Frequency allocation plan
Additional efforts are coming from the Telecommunication Regulators’ Association of Southern Africa (TRASA). Formed in 1997, it is still in its infancy, with eight independent regulators: those from South Africa, Namibia, Zambia, Malawi, Zimbabwe, Tanzania, Mauritius and Mozambique. The remaining SADC countries’ governments have observer status.
TRASA’s main aim is to promote, through coordination and good regulatory practices, efficient and cost-effective telecom operations. In its less than two years of existence, TRASA has involved itself with a formidable list of issues, including licensing, service tariffs, interconnection of networks, numbering schemes, compatibility standards and the radio-frequency spectrum. In another year or two, as the policies of liberalization and deregulation take effect, TRASA membership is expected to increase to include the full complement of independent regulators from SADC countries.
One important area that TRASA is currently focusing on is the development of a frequency-allocation plan for the SADC region. A regional band plan will have major benefits in harmonizing spectrum use and thus eliminating interference.
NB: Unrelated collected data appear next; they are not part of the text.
Lemma Cov_indep : Cov P X Y = 0%R.
Proof.
rewrite /Cov covarianceE //; last exact: Lfun2_mul_Lfun1.
by rewrite expectationM_indep subee // fin_numM // expectation_fin_num.
Qed.

End independent_pair.

Section covariance_algebra.
Context {d} {T : measurableType d} {R : realType} (P : probability T R).
Local Notation L2 := (Lfun P 2%:E).

Let Pfin : (P setT \is a fin_num)%E := fin_num_measure P _ measurableT.
Let L2_L1 (X : T -> R) : X \in L2 -> X \in Lfun P 1.
Proof. exact: Lfun_subset12. Qed.
Let le12 : 1 <= 2 :> R. Proof. by rewrite ler1n. Qed.
Local Hint Resolve L2_L1 le12 : core.

Lemma Var_Cov (X : T -> R) : Var P X = Cov P X X.
Proof. by []. Qed.

Lemma CovC (X Y : T -> R) : Cov P X Y = Cov P Y X.
Proof. by rewrite /Cov covarianceC. Qed.

Lemma CovDl (X Y Z : T -> R) : X \in L2 -> Y \in L2 -> Z \in L2 ->
  Cov P (X \+ Y) Z = Cov P X Z + Cov P Y Z.
Proof.
move=> X2 Y2 Z2; rewrite /Cov covarianceDl // fineD //;
  by apply: covariance_fin_num; auto; exact: Lfun2_mul_Lfun1.
Qed.

Lemma CovZl a (X Y : T -> R) : X \in L2 -> Y \in L2 ->
  Cov P (a \o* X) Y = a * Cov P X Y.
Proof.
move=> X2 Y2; have XY1 := Lfun2_mul_Lfun1 X2 Y2.
have [X1 Y1] := (L2_L1 _ X2, L2_L1 _ Y2).
by rewrite /Cov covarianceZl // fineM // covariance_fin_num.
Qed.

Lemma Lfun2_sum {I : Type} (s : seq I) {X : I -> T -> R} :
  (forall i, X i \in L2) -> (fun w => \sum_(i <- s) X i w) \in L2.
Proof. by move=> X2; rewrite -fct_sumE; apply: rpred_sum => i _; exact: X2. Qed.

Lemma Cov_suml {I : Type} (s : seq I) (X : I -> T -> R) (Z : T -> R) :
  (forall i, X i \in L2) -> Z \in L2 ->
  Cov P (fun w => \sum_(i <- s) X i w) Z = \sum_(i <- s) Cov P (X i) Z.
Proof.
move=> X2 Z2; elim: s => [|i s IH].
  under eq_fun do rewrite big_nil.
  by rewrite big_nil /Cov -/(cst 0) covariance_cst_l.
under eq_fun do rewrite big_cons.
by rewrite big_cons -IH -CovDl //; exact: Lfun2_sum.
Qed.

Lemma Cov_sumr {I : Type} (s : seq I) (X : I -> T -> R) (Z : T -> R) :
  (forall i, X i \in L2) -> Z \in L2 ->
  Cov P Z (fun w => \sum_(i <- s) X i w) = \sum_(i <- s) Cov P Z (X i).
Proof.
by move=> X2 Z2; rewrite CovC Cov_suml //; apply: eq_bigr => i _; exact: CovC.
Qed.

Lemma Ex_sum {I : Type} (s : seq I) (X : I -> T -> R) :
  (forall i, X i \in L2) ->
  Ex P (fun w => \sum_(i <- s) X i w) = \sum_(i <- s) Ex P (X i).
Proof.
move=> X2; elim: s => [|i s IH].
  under eq_fun do rewrite big_nil.
  by rewrite big_nil /Ex -/(cst 0) expectation_cst.
under eq_fun do rewrite big_cons.
have [Xi1 S1] := (L2_L1 _ (X2 i), L2_L1 _ (Lfun2_sum s X2)).
rewrite big_cons -IH /Ex -/(X i \+ _)%R expectationD //.
by rewrite fineD // expectation_fin_num.
Qed.

Lemma sample_meanE n (X : 'I_n -> T -> R) :
  sample_mean X = n%:R^-1 \o* (fun w => \sum_(i < n) X i w).
Proof. by apply/funext => w; rewrite /sample_mean /= mulrC. Qed.

Lemma Lfun2_sample_mean n (X : 'I_n -> T -> R) : (forall i, X i \in L2) ->
  sample_mean X \in L2.
Proof.
by move=> X2; rewrite sample_meanE; apply: Lfun_scale => //; exact: Lfun2_sum.
Qed.

Lemma Ex_sample_mean n (X : 'I_n -> T -> R) : (forall i, X i \in L2) ->
  Ex P (sample_mean X) = n%:R^-1 * \sum_(i < n) Ex P (X i).
Proof.
move=> X2; have S1 : (fun w => \sum_(i < n) X i w) \in Lfun P 1.
  by apply: L2_L1; exact: Lfun2_sum.
by rewrite /Ex sample_meanE expectationZl // fineM ?expectation_fin_num // -Ex_sum.
Qed.

Lemma Cov_sample_mean n (X Y : 'I_n -> T -> R) :
  (forall i, X i \in L2) -> (forall i, Y i \in L2) ->
  Cov P (sample_mean X) (sample_mean Y) =
  n%:R^-1 * (n%:R^-1 * \sum_(i < n) \sum_(j < n) Cov P (X i) (Y j)).
Proof.
move=> X2 Y2; have SX := Lfun2_sum (index_enum 'I_n) X2.
have SY := Lfun2_sum (index_enum 'I_n) Y2.
rewrite !sample_meanE CovZl //; last exact: Lfun_scale.
rewrite CovC CovZl // CovC Cov_suml //.
by congr (_ * (_ * _)); apply: eq_bigr => i _; exact: Cov_sumr.
Qed.

End covariance_algebra.

Section control_variate.
Context {d} {T : measurableType d} {R : realType} (P : probability T R).
Local Notation L2 := (Lfun P 2%:E).
Variables (X Y : T -> R) (c a : R).
Hypotheses (X2 : X \in L2) (Y2 : Y \in L2).

Let Pfin : (P setT \is a fin_num)%E := fin_num_measure P _ measurableT.
Let le12 : 1 <= 2 :> R. Proof. by rewrite ler1n. Qed.
Let X1 : X \in Lfun P 1. Proof. exact: Lfun_subset12. Qed.
Let Y1 : Y \in Lfun P 1. Proof. exact: Lfun_subset12. Qed.

Let control_variateE : (fun w => X w + a * (c - Y w)) = X \+ a \o* (cst c \- Y).
Proof. by apply/funext => w /=; rewrite mulrC. Qed.

Let cY2 : cst c \- Y \in L2.
Proof. by apply: rpredB => //; exact: Lfun_cst. Qed.

Let acY2 : a \o* (cst c \- Y) \in L2.
Proof. exact: Lfun_scale. Qed.

Lemma Lfun2_control_variate : (fun w => X w + a * (c - Y w)) \in L2.
Proof. by rewrite control_variateE rpredD. Qed.

Lemma Ex_control_variate :
  Ex P (fun w => X w + a * (c - Y w)) = Ex P X + a * (c - Ex P Y).
Proof.
have cY1 : cst c \- Y \in Lfun P 1 by exact: Lfun_subset12.
rewrite control_variateE /Ex expectationD //; last exact: Lfun_subset12.
rewrite expectationZl // expectationB ?Lfun_cst // expectation_cst.
rewrite -(fineK (expectation_fin_num X1)) -(fineK (expectation_fin_num Y1)).
by rewrite -EFinB -EFinM -EFinD /= mulrC.
Qed.

Lemma Cov_control_variate_l (Z : T -> R) : Z \in L2 ->
  Cov P (fun w => X w + a * (c - Y w)) Z = Cov P X Z - a * Cov P Y Z.
Proof.
move=> Z2; rewrite control_variateE CovDl // CovZl // -mulrN; congr (_ + _ * _).
rewrite /Cov covarianceBl ?Lfun_cst //.
by rewrite covariance_cst_l sub0e fineN.
Qed.
Lemma msupp_no_return j i m : m \in msupp (f j) -> (0 < m i)%nat -> m != U_(i)%MM ->
  ~~ connect (dep_edge f) j i.
Proof.
move=> fm mi mU; apply/negP => /(edge_on_cycle (dep_edge_msupp fm mi))[c cyc ij_c].
by have := msize_gamma_on_cycle cyc ij_c; rewrite leqNgt (msize_mderiv_gt1 fm mi mU).
Qed.

(* A monomial of [f j] is either a variable [x_i] with an edge [v_i v_j], or
   involves only variables of strictly lower level (and has degree below the
   base). *)
Lemma wdeg_msupp j m : m \in msupp (f j) -> (wdeg m <= node_weight j)%nat.
Proof.
move=> fm; have [/existsP[i /eqP mU]|] := boolP [exists i, m == U_(i)%MM].
  rewrite mU wdegU leq_pexp2l ?level_edge_le //.
  by apply: dep_edge_msupp fm _; rewrite mU mnm1E eqxx.
rewrite negb_exists => /forallP mU.
have mlt i : (0 < m i -> level i < level j)%nat.
  move=> mi; rewrite level_edge_lt ?(dep_edge_msupp fm mi) //.
  exact: msupp_no_return fm mi (mU i).
apply: leq_trans (wdeg_le_level_bound mlt) _.
rewrite /node_weight -{2}(prednK (level_gt0 j)) expnS leq_mul2r.
by rewrite ltnW ?orbT // (mdeg_lt_weight_base fm).
Qed.

Lemma wdeg_lieX mu nu : nu \in msupp (lie 'X_[mu]) -> (wdeg nu <= wdeg mu)%nat.
Proof.
case/msupp_sum_le/flatten_mapP => i _; rewrite mderivX.
have [->|mui] := posnP (mu i); first by rewrite scale0r mul0r msupp0.
rewrite -scalerAl => /msuppZ_le; rewrite mulrC (perm_mem (msuppMX _ _)).
case/mapP => m fm ->; have Umu : (U_(i) <= mu)%MM by rewrite lep1mP -lt0n.
by rewrite wdegD -{2}(submK Umu) wdegD wdegU leq_add2l wdeg_msupp.
Qed.

Lemma solves_on_obs (x : RR -> 'cV[RR]_n) a b : solves_on (evalVF f) x a b ->
  solves_on (mulmx superlin_mx) (fun s => col_mx (x s) (obs_vec (x s))) a b.
Proof.
move=> x_sol t tab r; rewrite mul_block_col !mul0mx !add0r.
have fW j m : m \in msupp (f j) -> (wdeg m <= wdeg_max)%nat.
  by move/wdeg_msupp/leq_trans; apply; exact: leq_bigmax.
case: (splitP r) => [j rj|k rk].
  rewrite (_ : r = lshift _ j); last exact: val_inj.
  apply: derivable_pt_lim_congr (x_sol t tab j) => [s|]; first by rewrite col_mxEu.
  rewrite col_mxEu !mxE (meval_obs_expand _ (fW j)).
  by apply: eq_bigr => k _; rewrite !mxE.
rewrite (_ : r = rshift n k); last exact: val_inj.
apply: derivable_pt_lim_congr (derivable_pt_lim_lie _ (x_sol t tab)) => [s|].
  by rewrite col_mxEd mxE.
rewrite col_mxEd mxE meval_obs_expand => [|m /wdeg_lieX le]; last first.
  exact: leq_trans le (obs_mnm_wdeg k).
by apply: eq_bigr => l _; rewrite !mxE.
Qed.

End Superlinearization.

Unset Implicit Arguments.
Theorem theorem1 (n : nat) (f : polyVF n) :
  (forall c : seq 'I_n, is_cycle f c ->
     exists k : RR, forall x : 'I_n -> RR, cycle_weight f c x = k) ->
  super_linearizable f.
Proof.
move=> cycle_weight_cst.
exists #|bounded_mnm f|, (superlin_mx f), 0, (@obs_vec n f).
split=> [|x0 z z0 z_sol x a b ab x0E x_sol t tab]; first exact: obs_vec_inj.
have z_lin : solves_on (mulmx (superlin_mx f)) z a b.
  move=> s _ r; have := z_sol s s _ r; rewrite addr0; apply.
  by rewrite gtrBl ltrDl ltr01.
rewrite (linear_ode_uniq ab _ z_lin (solves_on_obs cycle_weight_cst x_sol) tab).
  by rewrite /proj_first col_mxKu.
by rewrite z0 x0E.
Qed.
The major advantage, however, is that frequency bands common to all SADC countries would effectively increase the market size for telecom equipment sales.
The economy-of-scale advantages could be a major force in attracting overseas investment in telecommunications, stimulating local industry and benefiting consumers.
One particular problematic area in creating the band plan is the exceptional need in the region for fixed wireless access and mobile services. The region has a tremendous backlog of people waiting for telephone service, and radically enhancing universal service is not feasible without large-scale wireless system deployment.
As a result, the band plan task group is looking at the possibility of reallocating broadcasting spectrum in the 800 MHz band to fixed wireless access and mobile services.
A number of sophisticated technologies in the 800 MHz band have come into widespread use for fixed telephony. The 800 MHz band is highly desirable, compared with bands at higher frequencies, because it is much more suited to the African environment, especially the more rural terrain. Radio propagation is more favorable, and areas three to four times in size can be covered from one base station compared with the area covered in the 1800 MHz or 1900 MHz band.
The task group is also looking closely at frequency allocations for trunked radio systems, with the 400 MHz band identified as one that justifies regionwide allocation. The lack of a common frequency band that commands a wide range of both vehicular and portable subscriber units, along with strong competition, has stunted trunked systems’ growth in the region.
“We believe that the SADC band plan, through introducing spectrum resources for effective and spectrum-efficient technologies, while increasing the market and enhancing competition, will lead to more affordable telecommunications services and will stimulate economic growth and foreign investment,” noted Motorola’s Seeber, an adviser to TRASA. “It will also pave the way for technologies that could be of great value in the info-communications industry and the convergence among telecommunications, information technology and broadcasting.”